[INFORMATION SUPPLIED — start]

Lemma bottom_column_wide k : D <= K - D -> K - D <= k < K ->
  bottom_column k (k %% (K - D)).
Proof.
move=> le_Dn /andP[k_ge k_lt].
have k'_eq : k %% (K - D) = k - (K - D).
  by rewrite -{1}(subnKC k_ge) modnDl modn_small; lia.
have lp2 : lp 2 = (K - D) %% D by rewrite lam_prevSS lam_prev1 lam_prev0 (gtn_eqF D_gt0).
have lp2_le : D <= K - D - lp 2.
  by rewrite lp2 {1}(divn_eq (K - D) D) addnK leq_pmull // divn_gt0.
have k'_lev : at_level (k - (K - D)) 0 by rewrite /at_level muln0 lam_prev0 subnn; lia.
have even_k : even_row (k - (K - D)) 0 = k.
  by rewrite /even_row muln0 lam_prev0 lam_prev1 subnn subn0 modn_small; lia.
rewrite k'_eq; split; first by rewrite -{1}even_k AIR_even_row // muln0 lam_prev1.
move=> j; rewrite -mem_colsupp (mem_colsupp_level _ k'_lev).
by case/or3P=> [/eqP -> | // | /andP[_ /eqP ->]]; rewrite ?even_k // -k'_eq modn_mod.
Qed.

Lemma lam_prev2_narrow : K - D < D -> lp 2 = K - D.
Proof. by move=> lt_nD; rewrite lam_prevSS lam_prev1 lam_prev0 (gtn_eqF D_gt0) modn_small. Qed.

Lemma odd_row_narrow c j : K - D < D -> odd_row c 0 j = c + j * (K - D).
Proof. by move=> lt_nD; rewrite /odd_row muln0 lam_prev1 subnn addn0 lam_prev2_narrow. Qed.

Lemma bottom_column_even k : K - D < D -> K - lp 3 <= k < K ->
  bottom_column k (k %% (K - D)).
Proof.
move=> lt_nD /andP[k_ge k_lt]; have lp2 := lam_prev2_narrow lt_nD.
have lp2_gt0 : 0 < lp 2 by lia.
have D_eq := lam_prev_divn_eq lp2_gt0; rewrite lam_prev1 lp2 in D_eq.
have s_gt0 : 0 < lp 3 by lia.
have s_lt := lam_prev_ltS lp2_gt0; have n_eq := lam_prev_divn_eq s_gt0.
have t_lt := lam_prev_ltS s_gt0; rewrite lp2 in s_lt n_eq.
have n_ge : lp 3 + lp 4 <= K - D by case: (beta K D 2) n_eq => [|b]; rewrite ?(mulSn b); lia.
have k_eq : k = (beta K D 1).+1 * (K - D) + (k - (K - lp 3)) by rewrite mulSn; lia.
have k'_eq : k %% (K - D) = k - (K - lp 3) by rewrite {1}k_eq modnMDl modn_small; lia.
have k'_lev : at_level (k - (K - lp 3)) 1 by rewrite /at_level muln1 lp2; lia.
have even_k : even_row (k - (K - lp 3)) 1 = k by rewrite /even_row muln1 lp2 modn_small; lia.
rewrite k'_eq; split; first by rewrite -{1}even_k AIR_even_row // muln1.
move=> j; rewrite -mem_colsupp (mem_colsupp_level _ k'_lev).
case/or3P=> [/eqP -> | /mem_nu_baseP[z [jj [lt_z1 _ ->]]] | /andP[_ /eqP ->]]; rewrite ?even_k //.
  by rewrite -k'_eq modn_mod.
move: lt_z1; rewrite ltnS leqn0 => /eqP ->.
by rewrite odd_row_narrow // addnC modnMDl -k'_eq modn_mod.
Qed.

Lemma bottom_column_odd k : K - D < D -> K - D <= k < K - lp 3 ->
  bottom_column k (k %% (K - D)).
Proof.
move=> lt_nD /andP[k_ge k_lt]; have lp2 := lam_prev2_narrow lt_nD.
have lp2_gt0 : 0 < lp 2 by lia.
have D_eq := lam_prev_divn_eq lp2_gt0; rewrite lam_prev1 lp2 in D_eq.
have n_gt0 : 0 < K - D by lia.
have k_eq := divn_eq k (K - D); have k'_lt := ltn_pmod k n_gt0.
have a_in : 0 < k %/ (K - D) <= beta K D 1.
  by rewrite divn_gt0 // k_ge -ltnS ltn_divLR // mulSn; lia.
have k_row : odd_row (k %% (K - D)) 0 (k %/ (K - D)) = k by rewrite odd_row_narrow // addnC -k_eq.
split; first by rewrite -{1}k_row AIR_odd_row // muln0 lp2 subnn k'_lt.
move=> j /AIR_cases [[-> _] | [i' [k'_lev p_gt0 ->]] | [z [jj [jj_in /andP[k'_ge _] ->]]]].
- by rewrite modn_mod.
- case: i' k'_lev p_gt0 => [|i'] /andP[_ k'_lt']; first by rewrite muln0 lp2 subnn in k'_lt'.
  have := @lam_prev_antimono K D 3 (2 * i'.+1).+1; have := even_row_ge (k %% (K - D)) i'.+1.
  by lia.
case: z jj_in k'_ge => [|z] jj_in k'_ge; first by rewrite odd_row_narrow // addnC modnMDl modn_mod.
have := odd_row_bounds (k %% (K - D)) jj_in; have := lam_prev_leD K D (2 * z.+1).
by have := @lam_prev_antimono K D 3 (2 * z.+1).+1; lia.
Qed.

[INFORMATION SUPPLIED — finish]

== WORK TASK ==
Output the line containing "Lemma bottom_column_odd k" and all lines after it to the end of the records, exactly as given.

== RESULT OF THIS EXERCISE ==
Lemma bottom_column_odd k : K - D < D -> K - D <= k < K - lp 3 ->
  bottom_column k (k %% (K - D)).
Proof.
move=> lt_nD /andP[k_ge k_lt]; have lp2 := lam_prev2_narrow lt_nD.
have lp2_gt0 : 0 < lp 2 by lia.
have D_eq := lam_prev_divn_eq lp2_gt0; rewrite lam_prev1 lp2 in D_eq.
have n_gt0 : 0 < K - D by lia.
have k_eq := divn_eq k (K - D); have k'_lt := ltn_pmod k n_gt0.
have a_in : 0 < k %/ (K - D) <= beta K D 1.
  by rewrite divn_gt0 // k_ge -ltnS ltn_divLR // mulSn; lia.
have k_row : odd_row (k %% (K - D)) 0 (k %/ (K - D)) = k by rewrite odd_row_narrow // addnC -k_eq.
split; first by rewrite -{1}k_row AIR_odd_row // muln0 lp2 subnn k'_lt.
move=> j /AIR_cases [[-> _] | [i' [k'_lev p_gt0 ->]] | [z [jj [jj_in /andP[k'_ge _] ->]]]].
- by rewrite modn_mod.
- case: i' k'_lev p_gt0 => [|i'] /andP[_ k'_lt']; first by rewrite muln0 lp2 subnn in k'_lt'.
  have := @lam_prev_antimono K D 3 (2 * i'.+1).+1; have := even_row_ge (k %% (K - D)) i'.+1.
  by lia.
case: z jj_in k'_ge => [|z] jj_in k'_ge; first by rewrite odd_row_narrow // addnC modnMDl modn_mod.
have := odd_row_bounds (k %% (K - D)) jj_in; have := lam_prev_leD K D (2 * z.+1).
by have := @lam_prev_antimono K D 3 (2 * z.+1).+1; lia.
Qed.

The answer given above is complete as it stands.